September traditionally marks the start of Hawaii’s “shoulder” season, when the number of visitors dips as mainland and local families send their children back to school. It’s a time of warm weather, low airfares and tourist-enticing events such as the Aloha Festivals, set to begin its 75th anniversary with a Royal Court investiture in Waikiki on Sept. 18.
But with coronavirus cases and hospitalizations surging to record levels across the state, many in the islands are questioning the ethics of traveling there now. While Gov. David Ige has simply asked visitors and residents to postpone nonessential travel, others point to the decisive action of a real-life royal, Queen Liliuokalani.
This Labor Day weekend would normally have seen hundreds of domestic and international competitors, and thousands of supporters and spectators in Kailua-Kona for the world’s largest outrigger canoe competition, the Queen Liliuokalani Canoe Race, founded in 1972. But in the spirit of the race’s namesake, whose birthday is Sept. 2, the organizers first limited the event to paddlers from Hawaii Island, and then recently canceled it altogether.
“Queen Liliuokalani witnessed many illnesses and several pandemics in her time and always put her people first, ensuring their resiliency and survival,” according to the Aug. 11. statement from Kai Opua Canoe Club, which specifically recalled the steps the monarch took to limit the spread of smallpox while she was serving as regent in 1881.
As regent, Liliuokalani “summoned her cabinet and made the decision to shut down Oahu, stopping inter-island travel, prohibiting vessels from taking on any passengers, and quarantining the sick. These regulations were so strictly enforced that when they were raised, no cases outside of the area where the sickness first appeared were reported,” the statement noted.
Barbara Koenig, a medical anthropologist and registered nurse who recently retired as a professor and director of the UCSF Bioethics Program, notes that the ethics of travel depend on “who is making the decision and about what.”

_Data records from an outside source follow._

(* If a = 0, then y_1, y_2, y_3 and one of y_4, y_5, y_6 vanish, so
   v_7, v_8, v_9 and one of v_4, v_5, v_6 would lie on a common face;
   b = 0 is symmetric. *)
Lemma phi_lift_cube_roots_neq0 x a b :
  face_set Lambda [set Defs.iota j | j in [set j | phi_lift x a b j == 0]] ->
  a ^+ 3 = cx x 10 * cx x 11 * cx x 12 -> b ^+ 3 = cx x 1 * cx x 2 * cx x 3 ->
  a != 0 /\ b != 0.
Proof.
set I := [set Defs.iota j | j in _] => faceI a3 b3.
have in_I j : (j < 6)%N -> phi_lift x a b (inord j) = 0 ->
    inord (nth 0%N [:: 6; 7; 8; 3; 4; 5] j) \in I.
  move=> j_lt6 yj0; apply/imsetP; exists (inord j); first by rewrite inE yj0.
  by rewrite /Defs.iota inordK.
split; apply/eqP => root0.
- have meets k : (k < 3)%N -> inord k \in I \/ inord (k + 6) \in I.
    case: k => [|[|[|//]]] _; right;
      [apply: (in_I 0%N) | apply: (in_I 1%N) | apply: (in_I 2%N)];
      by rewrite // phi_liftE //= root0 mulr0.
  have far := face_meets_low_pairs faceI meets.
  move: a3; rewrite root0 expr0n /= => /esym/eqP; rewrite !mulf_eq0 -!orbA.
  case/or3P => /eqP x_eq0.
  + by move: (far 3%N isT); rewrite (in_I 3%N) // phi_liftE //= x_eq0 !mul0r.
  + by move: (far 4%N isT); rewrite (in_I 4%N) // phi_liftE //= x_eq0 !mul0r.
  + by move: (far 5%N isT); rewrite (in_I 5%N) // phi_liftE //= x_eq0 !mul0r.
- have meets k : (k < 3)%N -> inord (k + 3) \in I \/ inord (k + 9) \in I.
    case: k => [|[|[|//]]] _; left;
      [apply: (in_I 3%N) | apply: (in_I 4%N) | apply: (in_I 5%N)];
      by rewrite // phi_liftE //= root0 mulr0.
  have far := face_meets_high_pairs faceI meets.
  move: b3; rewrite root0 expr0n /= => /esym/eqP; rewrite !mulf_eq0 -!orbA.
  case/or3P => /eqP x_eq0.
  + by move: (far 6%N isT); rewrite (in_I 0%N) // phi_liftE //= x_eq0 !mul0r.
  + by move: (far 7%N isT); rewrite (in_I 1%N) // phi_liftE //= x_eq0 !mul0r.
  + by move: (far 8%N isT); rewrite (in_I 2%N) // phi_liftE //= x_eq0 !mul0r.
Qed.

Lemma q1_phi_lift psi x a b : a ^+ 3 = cx x 10 * cx x 11 * cx x 12 ->
  b ^+ 3 = cx x 1 * cx x 2 * cx x 3 -> q1 psi (phi_lift x a b) = a ^+ 3 * p1 psi x.
Proof.
move=> a3 b3; transitivity (a ^+ 3 * (p1 psi x - psi * (cx x 1 * cx x 2 * cx x 3 *
    cx x 4 * cx x 5 * cx x 6)) + psi * (cx x 4 * cx x 5 * cx x 6) *
    (cx x 10 * cx x 11 * cx x 12) * b ^+ 3).
  by rewrite /q1 /p1 {1 2 3 4 5 6}/cx /phi_lift /= !inordK //=; ring.
by rewrite -a3 b3; ring.
Qed.

Lemma q2_phi_lift psi x a b : a ^+ 3 = cx x 10 * cx x 11 * cx x 12 ->
  b ^+ 3 = cx x 1 * cx x 2 * cx x 3 -> q2 psi (phi_lift x a b) = b ^+ 3 * p2 psi x.
Proof.
move=> a3 b3; transitivity (b ^+ 3 * (p2 psi x - psi * (cx x 7 * cx x 8 * cx x 9 *
    cx x 10 * cx x 11 * cx x 12)) + psi * (cx x 7 * cx x 8 * cx x 9) *
    (cx x 1 * cx x 2 * cx x 3) * a ^+ 3).
  by rewrite /q2 /p2 {1 2 3 4 5 6}/cx /phi_lift /= !inordK //=; ring.
by rewrite a3 -b3; ring.
Qed.

Lemma Y_BB_of_phi_preimage psi x :
  phi_preimage (fun y => U_iso y /\ Y_LT psi y) x -> Y_BB psi x.
Proof.
move=> [nonexc_x [a [b [a3 [b3 [[_ faceU] [_ [q1_eq0 q2_eq0]]]]]]]].
have [a_neq0 b_neq0] := phi_lift_cube_roots_neq0 faceU a3 b3.
split=> //; split; apply/eqP.
  by move: q1_eq0; rewrite q1_phi_lift // => /eqP; rewrite mulf_eq0 expf_eq0 /= (negbTE a_neq0).
by move: q2_eq0; rewrite q2_phi_lift // => /eqP; rewrite mulf_eq0 expf_eq0 /= (negbTE b_neq0).
Qed.

Lemma phi_preimage_of_torus_Y_BB psi x : (forall i, x i != 0) ->
  p1 psi x = 0 -> p2 psi x = 0 -> phi_preimage (fun y => U_iso y /\ Y_LT psi y) x.
Proof.
move=> x_neq0 p1x0 p2x0.
have cx_neq0 k : cx x k != 0 by apply: x_neq0.
pose a := 3.-root (cx x 10 * cx x 11 * cx x 12).
pose b := 3.-root (cx x 1 * cx x 2 * cx x 3).
have a3 : a ^+ 3 = cx x 10 * cx x 11 * cx x 12 by rewrite rootCK.
have b3 : b ^+ 3 = cx x 1 * cx x 2 * cx x 3 by rewrite rootCK.
have a_neq0 : a != 0 by rewrite rootC_eq0 // !mulf_neq0.
have b_neq0 : b != 0 by rewrite rootC_eq0 // !mulf_neq0.
have y_neq0 j : phi_lift x a b j != 0.
  by case: j => [[|[|[|[|[|[|//]]]]]] ?]; rewrite /phi_lift /= !mulf_neq0.
split; first exact: nonexc_torus.
exists a, b; do 2!split=> //; split; split; try exact: nonexc_torus.
  have -> : [set j | phi_lift x a b j == 0] = set0.
    by apply/setP => j; rewrite !inE (negbTE (y_neq0 j)).
  by rewrite imset0; apply: face_set0.
by rewrite q1_phi_lift // q2_phi_lift // p1x0 p2x0 !mulr0.
Qed.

For example, the government has to balance the health benefits of a total lockdown with the impact on a tourism-dependent economy. “If no one can eat and no one can work, then it doesn’t matter if you close down the economy,” she noted.

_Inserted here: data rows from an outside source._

(* Let $S,T$ be left inverse semi-braces and $\sigma:T\to\mathrm{Aut}(S)$ a homomorphism from $(T,\cdot)$ into the automorphism group of the left inverse semi-brace $S$; write ${}^ua=\sigma(u)(a)$. Then $S\times T$ with $$(a,u)+(b,v)=(a+b,\,u+v),\qquad (a,u)(b,v)=(a\,{}^ub,\,uv)$$ for all $(a,u),(b,v)\in S\times T$, is a left inverse semi-brace (the semidirect product $S\rtimes_\sigma T$).
   Context: An inverse semigroup is a semigroup $(S,\cdot)$ in which for each $a$ there is a unique $a^{-1}$ with $aa^{-1}a=a$, $a^{-1}aa^{-1}=a^{-1}$. A left inverse semi-brace is a triple $(S,+,\cdot)$ with $(S,+)$ a semigroup (not necessarily commutative), $(S,\cdot)$ an inverse semigroup and $a(b+c)=ab+a(a^{-1}+c)$ for all $a,b,c\in S$. An automorphism of the left inverse semi-brace $S$ is a bijection $S\to S$ preserving both $+$ and $\cdot$. *)

From Stdlib Require Import FunctionalExtensionality.

Definition associative {S : Type} (op : S -> S -> S) : Prop :=
  forall a b c, op a (op b c) = op (op a b) c.

Definition is_inv {S : Type} (mul : S -> S -> S) (a b : S) : Prop :=
  mul (mul a b) a = a /\ mul (mul b a) b = b.

Definition inverse_semigroup {S : Type} (mul : S -> S -> S) : Prop :=
  associative mul /\
  forall a, exists b, is_inv mul a b /\ forall b', is_inv mul a b' -> b' = b.

Definition left_inverse_semi_brace {S : Type} (add mul : S -> S -> S) : Prop :=
  associative add /\ inverse_semigroup mul /\
  forall a a' b c, is_inv mul a a' ->
    mul a (add b c) = add (mul a b) (mul a (add a' c)).

Definition semi_brace_aut {S : Type} (add mul : S -> S -> S) (f : S -> S) : Prop :=
  (exists g : S -> S, (forall x, g (f x) = x) /\ (forall y, f (g y) = y)) /\
  (forall a b, f (add a b) = add (f a) (f b)) /\
  (forall a b, f (mul a b) = mul (f a) (f b)).

Definition sd_add {S T : Type} (addS : S -> S -> S) (addT : T -> T -> T)
  (x y : S * T) : S * T := (addS (fst x) (fst y), addT (snd x) (snd y)).

Definition sd_mul {S T : Type} (mulS : S -> S -> S) (mulT : T -> T -> T)
  (sigma : T -> S -> S) (x y : S * T) : S * T :=
  (mulS (fst x) (sigma (snd x) (fst y)), mulT (snd x) (snd y)).

(* The heart of the matter is
   the inverse: [(a,u)] has the unique inverse [(sigma u' a', u')], where [a'],
   [u'] are the inverses of [a], [u].  This works because the idempotent [uu']
   acts trivially: [sigma (uu')] is injective and idempotent under composition.
   Once the inverse is known, the brace law of [S x T] splits into the brace
   laws of [S] (at [sigma u b], [sigma u c]) and of [T]. *)

Lemma is_inv_sym {X : Type} (mul : X -> X -> X) (a b : X) :
  is_inv mul a b -> is_inv mul b a.
Proof. intros [H1 H2]. split; assumption. Qed.

Lemma is_inv_idempotent {X : Type} (mul : X -> X -> X) (a b : X) :
  associative mul -> is_inv mul a b -> mul (mul a b) (mul a b) = mul a b.
Proof. intros Hassoc [H1 _]. rewrite Hassoc, H1. reflexivity. Qed.

Lemma inverse_semigroup_inv_unique {X : Type} (mul : X -> X -> X) (a b c : X) :
  inverse_semigroup mul -> is_inv mul a b -> is_inv mul a c -> b = c.
Proof.
  intros [_ Huniq] Hb Hc. destruct (Huniq a) as [d [_ Hd]].
  rewrite (Hd b Hb), (Hd c Hc). reflexivity.
Qed.

Lemma sd_add_assoc {S T : Type} (addS : S -> S -> S) (addT : T -> T -> T) :
  associative addS -> associative addT -> associative (sd_add addS addT).
Proof.
  intros HS HT [a u] [b v] [c w]. unfold sd_add; simpl.
  rewrite HS, HT. reflexivity.
Qed.

Lemma semi_brace_aut_injective {S : Type} (add mul : S -> S -> S) (f : S -> S) :
  semi_brace_aut add mul f -> forall a b, f a = f b -> a = b.
Proof.
  intros [[g [Hg _]] _] a b Hab. rewrite <- (Hg a), <- (Hg b), Hab. reflexivity.
Qed.

Section SemidirectProduct.

Variables (S T : Type) (mulS : S -> S -> S) (mulT : T -> T -> T).
Variable sigma : T -> S -> S.

Hypothesis mulS_assoc : associative mulS.
Hypothesis mulT_assoc : associative mulT.
Hypothesis sigma_mul : forall u a b, sigma u (mulS a b) = mulS (sigma u a) (sigma u b).
Hypothesis sigma_inj : forall u a b, sigma u a = sigma u b -> a = b.
Hypothesis sigma_hom : forall u v a, sigma (mulT u v) a = sigma u (sigma v a).

Local Notation sd := (sd_mul mulS mulT sigma).

Lemma sigma_idempotent (e : T) (a : S) : mulT e e = e -> sigma e a = a.
Proof.
  intros He. apply (sigma_inj e). rewrite <- sigma_hom, He. reflexivity.
Qed.

Lemma sigma_is_inv (u u' : T) (a : S) :
  is_inv mulT u u' -> sigma (mulT u u') a = a.
Proof. intros Hu. apply sigma_idempotent, is_inv_idempotent; assumption. Qed.

Lemma sd_mul_assoc : associative sd.
Proof.
  intros [a u] [b v] [c w]. unfold sd_mul; simpl.
  rewrite mulT_assoc, sigma_mul, sigma_hom, mulS_assoc. reflexivity.
Qed.

Lemma sd_is_inv (a a' : S) (u u' : T) :
  is_inv mulS a a' -> is_inv mulT u u' -> is_inv sd (a, u) (sigma u' a', u').
Proof.
  intros [Ha1 Ha2] Hu. pose proof (is_inv_sym _ _ _ Hu) as Hu'.
  pose proof Hu as [Hu1 Hu2].
  unfold is_inv, sd_mul; simpl. split.
  - rewrite <- sigma_hom, !sigma_is_inv by assumption.
    rewrite Ha1, Hu1. reflexivity.
  - rewrite <- !sigma_mul, (sigma_is_inv u' u) by assumption.
    rewrite <- sigma_mul, Ha2, Hu2. reflexivity.
Qed.

Lemma sd_is_inv_components (a b : S) (u v : T) :
  is_inv sd (a, u) (b, v) -> is_inv mulT u v /\ is_inv mulS a (sigma u b).
Proof.
  unfold is_inv, sd_mul; simpl. intros [H1 H2].
  injection H1 as Ha Hu. injection H2 as Hb Hv.
  assert (Huv : is_inv mulT u v) by (split; assumption).
  rewrite (sigma_is_inv u v) in Ha by assumption.
  rewrite (sigma_is_inv v u) in Hb by (apply is_inv_sym; assumption).
  split; [assumption | split; [assumption |]].
  transitivity (sigma u (mulS (mulS b (sigma v a)) b)); [| rewrite Hb; reflexivity].
  rewrite !sigma_mul, <- sigma_hom, sigma_is_inv by assumption. reflexivity.
Qed.

Lemma sd_inv_unique (a a' : S) (u u' : T) (p : S * T) :
  inverse_semigroup mulS -> inverse_semigroup mulT ->
  is_inv mulS a a' -> is_inv mulT u u' -> is_inv sd (a, u) p ->
  p = (sigma u' a', u').
Proof.
  intros HS HT Ha Hu. destruct p as [b v]. intros Hp.
  destruct (sd_is_inv_components _ _ _ _ Hp) as [Huv Hab].
  rewrite (inverse_semigroup_inv_unique _ _ _ _ HT Hu Huv).
  rewrite (inverse_semigroup_inv_unique _ _ _ _ HS Ha Hab).
  rewrite <- sigma_hom, sigma_is_inv by (apply is_inv_sym; assumption).
  reflexivity.
Qed.

Lemma sd_inverse_semigroup :
  inverse_semigroup mulS -> inverse_semigroup mulT -> inverse_semigroup sd.
Proof.
  intros HS HT. split; [exact sd_mul_assoc |].
  intros [a u]. destruct (proj2 HS a) as [a' [Ha _]].
  destruct (proj2 HT u) as [u' [Hu _]].
  exists (sigma u' a', u'). split.
  - apply sd_is_inv; assumption.
  - intros p. apply sd_inv_unique; assumption.
Qed.

Variables (addS : S -> S -> S) (addT : T -> T -> T).
Hypothesis sigma_add : forall u a b, sigma u (addS a b) = addS (sigma u a) (sigma u b).

Lemma sd_brace_law :
  left_inverse_semi_brace addS mulS -> left_inverse_semi_brace addT mulT ->
  forall x x' y z, is_inv sd x x' ->
    sd x (sd_add addS addT y z)
    = sd_add addS addT (sd x y) (sd x (sd_add addS addT x' z)).
Proof.
  intros [_ [HS braceS]] [_ [HT braceT]] [a u] x' [b v] [c w] Hx.
  destruct (proj2 HS a) as [a' [Ha _]]. destruct (proj2 HT u) as [u' [Hu _]].
  rewrite (sd_inv_unique _ _ _ _ _ HS HT Ha Hu Hx).
  unfold sd_mul, sd_add; simpl.
  rewrite !sigma_add, <- sigma_hom, sigma_is_inv by assumption.
  rewrite (braceS a a' _ _ Ha), (braceT u u' v w Hu). reflexivity.
Qed.

End SemidirectProduct.

Theorem corollary31 (S T : Type)
  (addS mulS : S -> S -> S) (addT mulT : T -> T -> T)
  (sigma : T -> S -> S)
  (HS : left_inverse_semi_brace addS mulS)
  (HT : left_inverse_semi_brace addT mulT)
  (Haut : forall u, semi_brace_aut addS mulS (sigma u))
  (Hhom : forall u v a, sigma (mulT u v) a = sigma u (sigma v a)) :
  left_inverse_semi_brace (sd_add addS addT) (sd_mul mulS mulT sigma).
Proof.
  assert (sigma_inj : forall u a b, sigma u a = sigma u b -> a = b)
    by (intros u; exact (semi_brace_aut_injective _ _ _ (Haut u))).
  assert (sigma_add : forall u a b, sigma u (addS a b) = addS (sigma u a) (sigma u b))
    by (intros u; apply (Haut u)).
  assert (sigma_mul : forall u a b, sigma u (mulS a b) = mulS (sigma u a) (sigma u b))
    by (intros u; apply (Haut u)).
  pose proof HS as [addS_assoc [HmulS _]]. pose proof HmulS as [mulS_assoc _].
  pose proof HT as [addT_assoc [HmulT _]]. pose proof HmulT as [mulT_assoc _].
  split; [| split].
  - apply sd_add_assoc; assumption.
  - apply sd_inverse_semigroup; assumption.
  - apply sd_brace_law; assumption.
Qed.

“The other groups of decision makers are all those people who are making individual choices to fly to particular areas,” Koenig said. “They should definitely not go to an area with no hospital or ICU beds, because if they get sick, they’re going to burden the system further.”
Koenig said she had considered traveling to Hawaii this summer, because “I’d been in the San Francisco fog all summer, and it’s been hard not seeing the sun or having warmth. … But when everyone pointed out to me Hawaii is a place you shouldn’t go right now, I took it off my list.”
On the other hand, some travel may be justified despite the risk to the health system, Koenig said, such as that of a friend who lives in Northern California but flies one week a month to take care of her nearly 100-year-old mother. “That’s someone who has a justifiable reason to go and take the additional burden of risk,” Koenig said. “She’s not just going to surf and lie on the beach.”
While Hawaii currently allows visitors to avoid a mandatory 10-day quarantine by showing proof of full vaccination or a negative COVID test from specific providers within 72 hours of arrival, unvaccinated travelers should not come to Hawaii for ethical and medical reasons, according to Koenig.
“I certainly don’t think you should fly to Hawaii if you’re unvaccinated,” Koenig said. “If you’re going to make the island safe, you’re going to need to do that. That’s not an ethical analysis, it’s just the facts on the ground. … For the benefit of going to Hawaii, you have the obligation of getting vaccinated. If you don’t want to, you can go other places.”
Besides the ethical and health incentive, residents and visitors to Oahu will have another reason to be vaccinated starting Sept. 13, when the city and county of Honolulu’s Safe Access Oahu program begins. Employees and patrons of restaurants, bars, museums and movie theaters who are 12 and older will be required to show proof of vaccination or a negative COVID test taken within 48 hours.
The Kahala Hotel & Resort announced Thursday that it will go one step further, requiring all employees — not just those in its food and beverage outlets — to be vaccinated by Sept. 30, or undergo weekly testing if approved for medical or religious exemption.